Citado, também, em comunicado, Rui Vaz, neurocirurgião no Centro Hospitalar e Universitário de São João reforça que  “esta iniciativa surge no sentido de melhorar o esclarecimento sobre a doença, mas também sobre os tratamentos disponíveis para quem vive com Parkinson”, acrescentando que “os hospitais têm de estar virados para fora e têm de estar em sintonia com as associações. Além de uma função assistencial no tratamento dos doentes, há também uma outra função no hospital: a de prestar esclarecimentos aos doentes”. 

Já Maria José Rosas, neurologista no Centro Hospitalar de São João, destaca que  “estas ações são importantes para garantir que os pacientes têm consciência da doença, das medicações e dos apoios que podem ter. Sendo realizadas online, torna-se ainda mais fácil e cómodo chegar a estas pessoas, que acabam por conseguir ver algumas das suas questões esclarecidas”, refere.

A responsável pela APDPk que confirma que o “confinamento, o aumento da ansiedade, a falta de exercício físico e acesso à rua agravam a qualidade de vida destes doentes”.

“Infelizmente, não conseguimos responder a todas as dúvidas, mas fizemos questão de abordar as mais frequentes. E mesmo que não tenham perguntado nada, é importante assistir à sessão, porque, por vezes, as questões dos outros são também as nossas”, adianta, sustentando que “neste tempo, durante o qual o acesso à rua está mais limitado, há um agravamento de quedas, sendo que o confinamento, o aumento da ansiedade, a falta de exercício físico e acesso à rua agravam a qualidade de vida destes doentes”.

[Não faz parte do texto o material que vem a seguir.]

Lemma is_RInt_trinomial_0_1 (A B E : R) (m1 m2 m3 : nat) :
  is_RInt (fun t => A * t ^ m1 + B * t ^ m2 + E * t ^ m3) 0 1
    (A / INR (S m1) + B / INR (S m2) + E / INR (S m3)).
Proof.
  exact (is_RInt_plus _ _ _ _ _ _
           (is_RInt_plus _ _ _ _ _ _ (is_RInt_scal_pow_0_1 A m1) (is_RInt_scal_pow_0_1 B m2))
           (is_RInt_scal_pow_0_1 E m3)).
Qed.

Definition weight0 (t : R) : R := (1 - t ^ 2) / 2.
Definition weight1 (t : R) : R := (1 - t) ^ 2 / 2.

Lemma Rabs_weight0_le (t : R) : 0 <= t <= 1 -> Rabs (weight0 t) <= 1.
Proof. intros. unfold weight0. apply Rabs_le. split; nra. Qed.

Lemma Rabs_weight1_le (t : R) : 0 <= t <= 1 -> Rabs (weight1 t) <= 1.
Proof. intros. unfold weight1. apply Rabs_le. split; nra. Qed.

Lemma is_RInt_weight0_moment (T : R) (n : nat) :
  is_RInt (fun t => weight0 t * ((t ^ 2) ^ n * T)) 0 1 (T / den 0 n).
Proof.
  apply (is_RInt_ext (fun t => T / 2 * t ^ (2 * n) + - T / 2 * t ^ (2 * n + 2) + 0 * t ^ 0)).
  - intros t _. unfold weight0. rewrite <- pow_mult, pow_add. simpl. field.
  - replace (T / den 0 n) with (T / 2 / INR (S (2 * n)) + - T / 2 / INR (S (2 * n + 2))
                                 + 0 / INR 1).
    + apply is_RInt_trinomial_0_1.
    + unfold den. rewrite !S_INR, !plus_INR, !mult_INR. simpl.
      pose proof (pos_INR n). field. repeat split; lra.
Qed.

Lemma is_RInt_weight1_moment (T : R) (n : nat) :
  is_RInt (fun t => weight1 t * ((t ^ 2) ^ n * T)) 0 1 (T / den 1 n).
Proof.
  apply (is_RInt_ext (fun t => T / 2 * t ^ (2 * n) + - T * t ^ (2 * n + 1)
                               + T / 2 * t ^ (2 * n + 2))).
  - intros t _. unfold weight1. rewrite <- pow_mult, !pow_add. simpl. field.
  - replace (T / den 1 n) with (T / 2 / INR (S (2 * n)) + - T / INR (S (2 * n + 1))
                                 + T / 2 / INR (S (2 * n + 2))).
    + apply is_RInt_trinomial_0_1.
    + unfold den. rewrite !S_INR, !plus_INR, !mult_INR. simpl.
      pose proof (pos_INR n). field. repeat split; lra.
Qed.

Section HalfAngle.

Variable x : R.
Hypothesis hx0 : 0 < x.
Hypothesis hx1 : x < 2 * PI.

Lemma sin_half_pos : 0 < sin (x / 2).
Proof. apply sin_gt_0; lra. Qed.

Lemma tan_quarter_pos : 0 < tan (x / 4).
Proof. apply tan_gt_0; lra. Qed.

Lemma tan_quarter_eq : tan (x / 4) = (1 - cos (x / 2)) / sin (x / 2)
                    /\ tan (x / 4) = sin (x / 2) / (1 + cos (x / 2)).
Proof.
  assert (0 < sin (x / 4)) by (apply sin_gt_0; lra).
  assert (0 < cos (x / 4)) by (apply cos_gt_0; lra).
  replace (x / 2) with (2 * (x / 4)) by field.
  unfold tan. rewrite sin_2a.
  split; [rewrite cos_2a_sin | rewrite cos_2a_cos]; field; nra.
Qed.

Lemma atan_ln_prim_increment (a b g d e : R) :
  atan_ln_prim (cos (x / 2)) (sin (x / 2)) a b g d e 1
  - atan_ln_prim (cos (x / 2)) (sin (x / 2)) a b g d e 0
  = a + b / sin (x / 2) * (PI / 2 - x / 4) + g / sin (x / 2) * (x / 4)
    + (d + e) * ln (2 * sin (x / 2)) + (d - e) * ln (tan (x / 4)).
Proof.
  pose proof sin_half_pos as Hs. pose proof tan_quarter_pos as Ht.
  destruct tan_quarter_eq as [Htm Htp].
  set (c := cos (x / 2)) in *. set (s := sin (x / 2)) in *.
  assert (Hcs : c ^ 2 + s ^ 2 = 1) by apply cos_sqr_add_sin_sqr.
  assert (Hcp : 0 < 1 + c) by nra.
  assert (Hatan_tan : atan (tan (x / 4)) = x / 4) by (apply atan_tan; lra).
  assert (Hcot : (0 + c) / s = tan (PI / 2 - x / 2))
    by (unfold tan; rewrite sin_shift, cos_shift; fold c s; field; lra).
  assert (Hatan_cot : atan (tan (PI / 2 - x / 2)) = PI / 2 - x / 2) by (apply atan_tan; lra).
  unfold atan_ln_prim, quadm, quadp.
  rewrite <- Htm.
  replace ((1 + c) / s) with (/ tan (x / 4)) by (rewrite Htp; field; lra).
  replace ((0 - c) / s) with (- tan (PI / 2 - x / 2)) by (rewrite <- Hcot; field; lra).
  rewrite atan_inv, atan_opp, Hatan_tan, Hcot, Hatan_cot by exact Ht.
  replace (1 ^ 2 - 2 * c * 1 + 1) with (2 * s * tan (x / 4)) by (rewrite Htm; field; lra).
  replace (1 ^ 2 + 2 * c * 1 + 1) with (2 * s / tan (x / 4)) by (rewrite Htp; field; lra).
  replace (0 ^ 2 - 2 * c * 0 + 1) with 1 by ring.
  replace (0 ^ 2 + 2 * c * 0 + 1) with 1 by ring.
  rewrite ln_mult, ln_div, ln_1 by lra.
  field. lra.
Qed.

Lemma trig_denominator_lower_bound (t : R) :
  sin (x / 2) ^ 4 <= 1 - 2 * t ^ 2 * cos x + (t ^ 2) ^ 2.
Proof.
  rewrite <- quadm_mul_quadp.
  pose proof (cos_sqr_add_sin_sqr (x / 2)) as Hcs.
  pose proof (sqr_le_quadm _ _ t Hcs). pose proof (sqr_le_quadp _ _ t Hcs).
  replace (sin (x / 2) ^ 4) with (sin (x / 2) ^ 2 * sin (x / 2) ^ 2) by ring.
  apply Rmult_le_compat; nra.
Qed.

Lemma is_RInt_kernel_atan_ln (w P : R -> R) (a b g d e : R) :
  let c := cos (x / 2) in
  (forall t, w t * P (t ^ 2) = a * quadm c t * quadp c t + (b + d * (2 * t - 2 * c)) * quadp c t
                              + (g + e * (2 * t + 2 * c)) * quadm c t) ->
  is_RInt (fun t => w t * (P (t ^ 2) / (1 - 2 * t ^ 2 * cos x + (t ^ 2) ^ 2))) 0 1
    (a + b / sin (x / 2) * (PI / 2 - x / 4) + g / sin (x / 2) * (x / 4)
     + (d + e) * ln (2 * sin (x / 2)) + (d - e) * ln (tan (x / 4))).
Proof.
  intros c Hw.
  pose proof sin_half_pos as Hs.
  pose proof (cos_sqr_add_sin_sqr (x / 2)) as Hcs.
  rewrite <- atan_ln_prim_increment.
  apply (is_RInt_ext (fun t => a + (b + d * (2 * t - 2 * c)) / quadm c t
                                 + (g + e * (2 * t + 2 * c)) / quadp c t));
    [| exact (is_RInt_atan_ln_prim _ _ a b g d e Hs Hcs)].
  intros t _. match goal with |- @eq _ ?l ?r => change (@eq R l r) end.
  pose proof (sqr_le_quadm _ _ t Hcs) as Hm. pose proof (sqr_le_quadp _ _ t Hcs) as Hp.
  rewrite <- quadm_mul_quadp, Rmult_div_assoc. fold c in Hm, Hp |- *.
  rewrite Hw. field. split; nra.
Qed.

Lemma is_series_cos_kernel (w : R -> R) (p : nat) (a b g d e L : R) :
  let c := cos (x / 2) in
  (forall t, 0 <= t <= 1 -> Rabs (w t) <= 1) ->
  (forall T n, is_RInt (fun t => w t * ((t ^ 2) ^ n * T)) 0 1 (T / den p n)) ->
  (forall t, w t * (cos x - t ^ 2) = a * quadm c t * quadp c t
       + (b + d * (2 * t - 2 * c)) * quadp c t + (g + e * (2 * t + 2 * c)) * quadm c t) ->
  L = a + b / sin (x / 2) * (PI / 2 - x / 4) + g / sin (x / 2) * (x / 4)
      + (d + e) * ln (2 * sin (x / 2)) + (d - e) * ln (tan (x / 4)) ->
  is_series (fun n => cos (INR (S n) * x) / den p n) L.
Proof.
  intros c Hw Hmom Hpf ->.
  pose proof sin_half_pos as Hs.
  apply (is_series_of_trig_kernel x (sin (x / 2) ^ 4) w cos (fun u => cos x - u)).
  - apply pow_lt, Hs.
  - intros; apply sum_n_pow_cos.
  - exact Rabs_cos_le_1.
  - exact Hw.
  - intros t _. apply trig_denominator_lower_bound.
  - intros n. apply Hmom.
  - apply is_RInt_kernel_atan_ln, Hpf.
Qed.

Lemma is_series_sin_kernel (w : R -> R) (p : nat) (a b g d e L : R) :
  let c := cos (x / 2) in
  (forall t, 0 <= t <= 1 -> Rabs (w t) <= 1) ->
  (forall T n, is_RInt (fun t => w t * ((t ^ 2) ^ n * T)) 0 1 (T / den p n)) ->
  (forall t, w t * sin x = a * quadm c t * quadp c t
       + (b + d * (2 * t - 2 * c)) * quadp c t + (g + e * (2 * t + 2 * c)) * quadm c t) ->
  L = a + b / sin (x / 2) * (PI / 2 - x / 4) + g / sin (x / 2) * (x / 4)
      + (d + e) * ln (2 * sin (x / 2)) + (d - e) * ln (tan (x / 4)) ->
  is_series (fun n => sin (INR (S n) * x) / den p n) L.
Proof.
  intros c Hw Hmom Hpf ->.
  pose proof sin_half_pos as Hs.
  apply (is_series_of_trig_kernel x (sin (x / 2) ^ 4) w sin (fun _ => sin x)).
  - apply pow_lt, Hs.
  - intros; apply sum_n_pow_sin.
  - exact Rabs_sin_le_1.
  - exact Hw.
  - intros t _. apply trig_denominator_lower_bound.
  - intros n. apply Hmom.
  - apply (is_RInt_kernel_atan_ln w (fun _ => sin x)), Hpf.
Qed.

Lemma is_series_cos_den0 :
  is_series (fun n => cos (INR (S n) * x) / den 0 n) (1/2 - PI/4 * sin (x/2)).
Proof.
  pose proof sin_half_pos as Hs.
  pose proof (cos_sqr_add_sin_sqr (x / 2)) as Hcs.
  set (b := - sin (x / 2) ^ 2 / 2).
  apply (is_series_cos_kernel weight0 0 (1/2) b b 0 0 _ Rabs_weight0_le is_RInt_weight0_moment).
  - intros t. unfold b. replace (sin (x / 2) ^ 2) with (1 - cos (x / 2) ^ 2) by lra.
    rewrite cos_double_half. unfold weight0, quadm, quadp. field.
  - unfold b. field. lra.
Qed.

Lemma is_series_sin_den0 :
  is_series (fun n => sin (INR (S n) * x) / den 0 n) (- (1/2) * sin (x/2) * ln (tan (x/4))).
Proof.
  apply (is_series_sin_kernel weight0 0 0 0 0 (- sin (x / 2) / 4) (sin (x / 2) / 4) _
           Rabs_weight0_le is_RInt_weight0_moment).
  - intros t. rewrite sin_double_half. unfold weight0, quadm, quadp. field.
  - pose proof sin_half_pos. field. lra.
Qed.

Lemma is_series_cos_den1 :
  is_series (fun n => cos (INR (S n) * x) / den 1 n)
    (- (1/2) - 1/2 * cos (x/2) * ln (tan (x/4)) + 1/2 * ln (2 * sin (x/2))).
Proof.
  apply (is_series_cos_kernel weight1 1 (-1/2) 0 0 ((1 - cos (x / 2)) / 4)
           ((1 + cos (x / 2)) / 4) _ Rabs_weight1_le is_RInt_weight1_moment).
  - intros t. rewrite cos_double_half. unfold weight1, quadm, quadp. field.
  - pose proof sin_half_pos. field. lra.
Qed.

Lemma is_series_sin_den1 :
  is_series (fun n => sin (INR (S n) * x) / den 1 n) (PI/4 * cos (x/2) - 1/4 * (PI - x)).
Proof.
  pose proof sin_half_pos as Hs.
  apply (is_series_sin_kernel weight1 1 0 ((cos (x / 2) - 1) * sin (x / 2) / 2)
           ((cos (x / 2) + 1) * sin (x / 2) / 2) 0 0 _ Rabs_weight1_le is_RInt_weight1_moment).
  - intros t. rewrite sin_double_half. unfold weight1, quadm, quadp. field.
  - field. lra.
Qed.

End HalfAngle.

Lemma is_series_inv_telescope : is_series (fun n => / INR (S n) - / INR (S (S n))) 1.
Proof.
  apply is_series_of_rate with 1. intros N.
  assert (Hsum : @eq R (sum_n (fun n => / INR (S n) - / INR (S (S n))) N) (1 - / INR (S (S N)))).
  { induction N as [|N IH].
    - rewrite sum_O. simpl. field.
    - rewrite sum_Sn, IH. change (plus ?a ?b) with (a + b). ring. }
  rewrite Hsum.
  assert (0 < INR (S N)) by (apply lt_0_INR; lia).
  assert (INR (S N) <= INR (S (S N))) by (apply le_INR; lia).
  replace (1 - / INR (S (S N)) - 1) with (- / INR (S (S N))) by ring.
  rewrite Rabs_Ropp, Rabs_right by (apply Rle_ge, Rlt_le, Rinv_0_lt_compat; lra).
  unfold Rdiv. rewrite Rmult_1_l. apply Rinv_le_contravar; lra.
Qed.

Lemma ex_series_trig_div_pow (trig : R -> R) (x : R) (m : nat) :
  (2 <= m)%nat -> (forall z, Rabs (trig z) <= 1) ->
  ex_series (fun n => trig (INR (S n) * x) / INR (S n) ^ m).
Proof.
  intros Hm Htrig.
  apply (ex_series_le (V := R_CompleteNormedModule) _
           (fun n => 2 * (/ INR (S n) - / INR (S (S n))))).
  - intros n. change (norm ?a) with (Rabs a).
    rewrite (S_INR (S n)). set (k := INR (S n)).
    assert (Hk : 1 <= k) by (unfold k; rewrite S_INR; pose proof (pos_INR n); lra).
    assert (Hkm : k ^ 2 <= k ^ m) by (apply Rle_pow; assumption).
    pose proof (Htrig (k * x)).
    rewrite Rabs_div, (Rabs_right (k ^ m)) by (try apply Rle_ge; nra).
    apply Rle_trans with (1 / k ^ 2).
    + unfold Rdiv. apply Rmult_le_compat; try lra; [apply Rabs_pos | |].
      * apply Rlt_le, Rinv_0_lt_compat; nra.
      * apply Rinv_le_contravar; nra.
    + replace (2 * (/ k - / (k + 1))) with (2 / (k * (k + 1))) by (field; lra).
      apply Rmult_le_reg_r with (k ^ 2 * (k * (k + 1))); [nra|].
      field_simplify; nra.
  - exists (scal 2 1). exact (is_series_scal 2 _ _ is_series_inv_telescope).
Qed.

Lemma div_den_SS (y : R) (p n : nat) :
  y / den (S (S p)) n = y / den p n - / 2 ^ S (S p) * (y / INR (S n) ^ S (S p)).
Proof.
  unfold den. set (k := INR (S n)).
  assert (1 <= k) by (unfold k; rewrite S_INR; pose proof (pos_INR n); lra).
  assert (0 < k ^ p) by (apply pow_lt; lra).
  assert (0 < 2 ^ p) by (apply pow_lt; lra).
  rewrite !Rpow_mult_distr. simpl. field. repeat split; lra.
Qed.

Lemma is_series_den_SS (trig : R -> R) (p : nat) (x L : R) :
  (forall z, Rabs (trig z) <= 1) ->
  is_series (fun n => trig (INR (S n) * x) / den p n) L ->
  is_series (fun n => trig (INR (S n) * x) / den (S (S p)) n)
    (L - Series (fun n => trig (INR (S n) * x) / INR (S n) ^ S (S p)) / 2 ^ S (S p)).
Proof.
  intros Htrig HL.
  pose proof (Series_correct _ (ex_series_trig_div_pow trig x (S (S p)) ltac:(lia) Htrig)) as HS.
  replace (L - _ / _) with (L - / 2 ^ S (S p)
             * Series (fun n => trig (INR (S n) * x) / INR (S n) ^ S (S p)))
    by (unfold Rdiv; ring).
  eapply is_series_ext; [intros n; symmetry; apply div_den_SS |].
  exact (is_series_minus _ _ _ _ HL (is_series_scal (/ 2 ^ S (S p)) _ _ HS)).
Qed.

Ana Botas reconhece que “a falta de atividade física acaba por provocar uma maior atrofia muscular. Consequentemente, haverá uma maior probabilidade de queda, sendo esta a principal razão pela qual as pessoas dão entrada no hospital e uma das principais causas de morte”.

Fotografia: Associação Portuguesa de Doentes de Parkinson – APDPk

A associação recorda que para contrariar esta tendência, tem em “andamento vários projetos de apoio psicológico e fisioterapia que se destinam a doentes e cuidadores”, sendo que o objetivo passa por “colmatar a falta de sessões de fisioterapia e apresentar estratégias para lidar com a depressão e ansiedade”.  

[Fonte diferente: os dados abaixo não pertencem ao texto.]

Lemma binconvC f g n : binconv f g n = binconv g f n.
Proof.
rewrite /binconv (reindex_inj rev_ord_inj); apply: eq_bigr => k _ /=.
have le_kn : (k <= n)%N by rewrite -ltnS.
by rewrite subKn // bin_sub // [f _ * _]mulrC.
Qed.

Lemma binconvS f g n :
  binconv f g n.+1 = binconv (fun k => f k.+1) g n + binconv f (fun k => g k.+1) n.
Proof.
rewrite /binconv big_ord_recl /=.
under eq_bigr => i _ do rewrite /bump /= add1n binS natrD mulrDl subSS.
rewrite big_split /= addrA [RHS]addrC; congr (_ + _).
rewrite [RHS]big_ord_recl /= !bin0 subn0 big_ord_recr /= bin_small // mul0r addr0.
congr (_ + _); first by rewrite subn0.
by apply: eq_bigr => i _; rewrite /bump /= add1n subnSK.
Qed.

Lemma binconvBl f g h n :
  binconv (fun k => f k - g k) h n = binconv f h n - binconv g h n.
Proof. by rewrite /binconv -sumrB; apply: eq_bigr => i _; ring. Qed.

Lemma binconvMr x f g n : binconv f (fun k => x * g k) n = x * binconv f g n.
Proof. by rewrite /binconv mulr_sumr; apply: eq_bigr => i _; ring. Qed.

Lemma binconv_exp x y n :
  binconv (fun k => x ^+ k) (fun k => y ^+ k) n = (x + y) ^+ n.
Proof.
rewrite binconvC exprDn; apply: eq_bigr => i _.
by rewrite mulr_natl mulrC.
Qed.

Lemma binconv_delta1 f n :
  binconv f (fun k => (k == 1)%:R) n.+1 = n.+1%:R * f n.
Proof.
rewrite binconvC /binconv 2!big_ord_recl big1 /= => [|i _]; last by rewrite !mul0r mulr0.
by rewrite bin1 subSS !subn0 !mul0r !mulr0 mul1r add0r addr0.
Qed.

End BinomialConvolution.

A instituição esclarece que te, ainda em andamento o projeto ““Lado a Lado” que engloba videochamadas via Zoom ou chamadas telefónicas de apoio gratuitas para associados, sendo que existe inclusivamente a opção de receber exercícios por correio para garantir que as pessoas que não têm acesso às novas tecnologias conseguem prevenir as consequências do confinamento”.